TASK DETAILS: Find each line below that includes "pred", then copy it.

[Saved entries]
[Start of section]

Lemma list_run_some w (i j : 'I_(size S)) :
  dfa_run list_delta (Some i) w = Some j -> nth x0 S j = foldl f (nth x0 S i) w.
Proof.
elim: w i => [|a w IH] i /=; first by case=> ->.
case delta_i: (list_delta i a) => [k|]; last by rewrite dfa_run_dead.
by move/IH ->; rewrite (list_delta_some delta_i).
Qed.

Lemma list_run_total w (i : 'I_(size S)) :
  (forall k, foldl f (nth x0 S i) (take k w) \in S) ->
  exists j, dfa_run list_delta (Some i) w = Some j.
Proof.
elim: w i => [|a w IH] i prefix_mem /=; first by exists i.
have mem_a := prefix_mem 1%nat; rewrite /= take0 /= in mem_a.
have lt_a : index (f (nth x0 S i) a) S < size S by rewrite index_mem.
have -> : list_delta i a = Some (Ordinal lt_a) by rewrite /list_delta insubT.
by apply: IH => k; rewrite /= nth_index //; apply: (prefix_mem k.+1).
Qed.

Variable P : pred T.

Definition list_accepting : {set 'I_(size S)} := [set i : 'I_(size S) | P (nth x0 S i)].

Lemma list_accepts_sound (s : 'I_(size S)) w :
  dfa_accepts s list_delta list_accepting w -> P (foldl f (nth x0 S s) w).
Proof.
rewrite /dfa_accepts; case run_w: dfa_run => [j|] //.
by rewrite inE (list_run_some run_w).
Qed.

Lemma list_accepts_complete (s : 'I_(size S)) w :
  (forall k, foldl f (nth x0 S s) (take k w) \in S) ->
  P (foldl f (nth x0 S s) w) -> dfa_accepts s list_delta list_accepting w.
Proof.
move=> /list_run_total [j run_w]; rewrite /dfa_accepts run_w inE.
by rewrite (list_run_some run_w).
Qed.

End ListAutomaton.

Arguments list_delta {T} f S x0 i a.

Lemma lt_fib_trunc_log c : c < fib (2 * trunc_log 2 c + 3).
Proof.
apply: leq_trans (trunc_log_ltn c (isT : 1 < 2)) _.
by rewrite (_ : 2 * trunc_log 2 c + 3 = (2 * (trunc_log 2 c).+1).+1) ?expn2_le_fib //; lia.
Qed.

Lemma INR_expn m n : INR (expn m n) = (INR m ^ n)%R.
Proof. by elim: n => [|n IH] //; rewrite expnS mult_INR IH. Qed.

Lemma trunc_log2_le_ln c : (INR (trunc_log 2 c) <= 2 * Rmax 1 (ln (INR c)))%R.
Proof.
have max_ge := Rmax_l 1 (ln (INR c)); have max_ge' := Rmax_r 1 (ln (INR c)).
have [c0 | c_gt0] := posnP c; first by move: max_ge; rewrite c0 trunc_log0 /=; lra.
have pow_le : (2 ^ trunc_log 2 c <= INR c)%R.
  by rewrite -[2%R]/(INR 2) -INR_expn; apply/le_INR/leP/trunc_logP.
have : (INR (trunc_log 2 c) * ln 2 <= ln (INR c))%R.
  rewrite -ln_pow; last lra.
  have [lt_pow | ->] := Rle_lt_or_eq_dec _ _ pow_le; last exact: Rle_refl.
  by apply/Rlt_le/ln_increasing => //; apply: pow_lt; lra.
have := Rmult_le_compat_l _ _ _ (pos_INR (trunc_log 2 c)) (Rlt_le _ _ ln_lt_2).
lra.
Qed.

Lemma size_carry_states_le c :
  (INR (size (carry_states c (2 * trunc_log 2 c))) <= 400 * Rmax 1 (ln (INR c)))%R.
Proof.
rewrite size_mkseq (_ : 80 * _ = 160 * trunc_log 2 c + 80)%nat; last by lia.
have E160 : INR 160 = 160%R by rewrite INR_IZR_INZ.
have E80 : INR 80 = 80%R by rewrite INR_IZR_INZ.
rewrite plus_INR mult_INR E160 E80.
have := trunc_log2_le_ln c; have := Rmax_l 1 (ln (INR c)).
lra.
Qed.

Lemma zero_mem_carry_states c M : c < fib (M + 3) -> (0, 0)%Z \in carry_states c M.
Proof.
move=> lt_c; apply: (mem_carry_states_close (m := M)) near_golden0 _ => //.
by rewrite /carry_weight /=; lia.
Qed.

Lemma carry_prefix_mem c M x y : c < fib (M + 3) ->
  size x = size y -> fibval x + c = fibval y ->
  forall k, carry (take k (zip x y)) \in carry_states c M.
Proof.
move=> lt_c eq_size eq_val k.
exact: mem_carry_states_close lt_c (near_golden_foldl _ near_golden0)
         (carry_prefix_close k eq_size eq_val).
Qed.

Theorem theorem5 :
  exists K : R,
    forall c : nat,
      exists (n : nat) (s : 'I_n) (delta : 'I_n -> bool * bool -> option 'I_n)
             (acc : {set 'I_n}),
        (INR n <= K * Rmax 1 (ln (INR c)))%R /\
        forall x y : seq bool,
          size x = size y -> fib_valid x -> fib_valid y ->
          (dfa_accepts s delta acc (zip x y) <-> fibval x + c = fibval y).
Proof.
exists 400%R => c; set S := carry_states c (2 * trunc_log 2 c).
have lt_start : index (0, 0)%Z S < size S.
  by rewrite index_mem zero_mem_carry_states // lt_fib_trunc_log.
have start0 : nth (0, 0)%Z S (Ordinal lt_start) = (0, 0)%Z.
  by rewrite nth_index // -index_mem.
exists (size S), (Ordinal lt_start), (list_delta carry_step S (0, 0)%Z),
  (list_accepting S (0, 0)%Z [pred p | (p.1 + p.2 == Z.of_nat c)%Z]).
split; first exact: size_carry_states_le.
move=> x y eq_size _ _; have diff_xy := fibval_sub_carry eq_size.
split=> [/list_accepts_sound | eq_val].
  by rewrite start0 => /eqP; rewrite -/(carry _); lia.
apply: list_accepts_complete; rewrite start0.
  exact: carry_prefix_mem (lt_fib_trunc_log c) eq_size eq_val.
by apply/eqP; rewrite -/(carry _) -diff_xy; lia.
Qed.
Let mulgA : forall a b c, mul a (mul b c) = mul (mul a b) c := proj1 HG.
Let mul1g : forall a, mul one a = a := proj1 (proj2 HG).
Let mulg1 : forall a, mul a one = a := proj1 (proj2 (proj2 HG)).
Let mulVg : forall a, mul (inv a) a = one := proj1 (proj2 (proj2 (proj2 HG))).
Let mulgV : forall a, mul a (inv a) = one := proj2 (proj2 (proj2 (proj2 HG))).

Lemma mulg_cancel_r (a b c : G) : mul a c = mul b c -> a = b.
Proof.
  intros Habc. rewrite <- (mulg1 a), <- (mulg1 b), <- (mulgV c), !mulgA, Habc.
  reflexivity.
Qed.

Lemma inv_unique (a b : G) : mul a b = one -> b = inv a.
Proof.
  intros Hab. rewrite <- (mul1g b), <- (mulVg a), <- mulgA, Hab, mulg1. reflexivity.
Qed.

Lemma inv_involutive (a : G) : inv (inv a) = a.
Proof. symmetry. apply inv_unique, mulVg. Qed.

Lemma inv_mul (a b : G) : inv (mul a b) = mul (inv b) (inv a).
Proof.
  symmetry. apply inv_unique.
  rewrite mulgA, <- (mulgA a), mulgV, mulg1, mulgV. reflexivity.
Qed.

Lemma virtually_Z_right_cosets :
  virtually_Z G mul one inv ->
  exists (phi : Z -> G) (reps : list G),
    (forall a b, phi (a + b)%Z = mul (phi a) (phi b)) /\
    (forall a b, phi a = phi b -> a = b) /\
    (forall g, exists r m, In r reps /\ g = mul (phi m) r).
Proof.
  intros (H & (_ & _ & H_inv) & (reps & reps_cover) & (phi & phi_add & phi_inj & phi_onto)).
  exists phi, (map inv reps). split; [exact phi_add | split; [exact phi_inj |]].
  intros g. destruct (reps_cover (inv g)) as (r & h & Hr & Hh & Hg).
  destruct (proj1 (phi_onto (inv h)) (H_inv h Hh)) as [m Hm].
  exists (inv r), m. split; [now apply in_map |].
  rewrite Hm, <- inv_mul, <- Hg, inv_involutive. reflexivity.
Qed.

[End of section]

RESULT FOR THIS TASK:
Variable P : pred T.
  (list_accepting S (0, 0)%Z [pred p | (p.1 + p.2 == Z.of_nat c)%Z]).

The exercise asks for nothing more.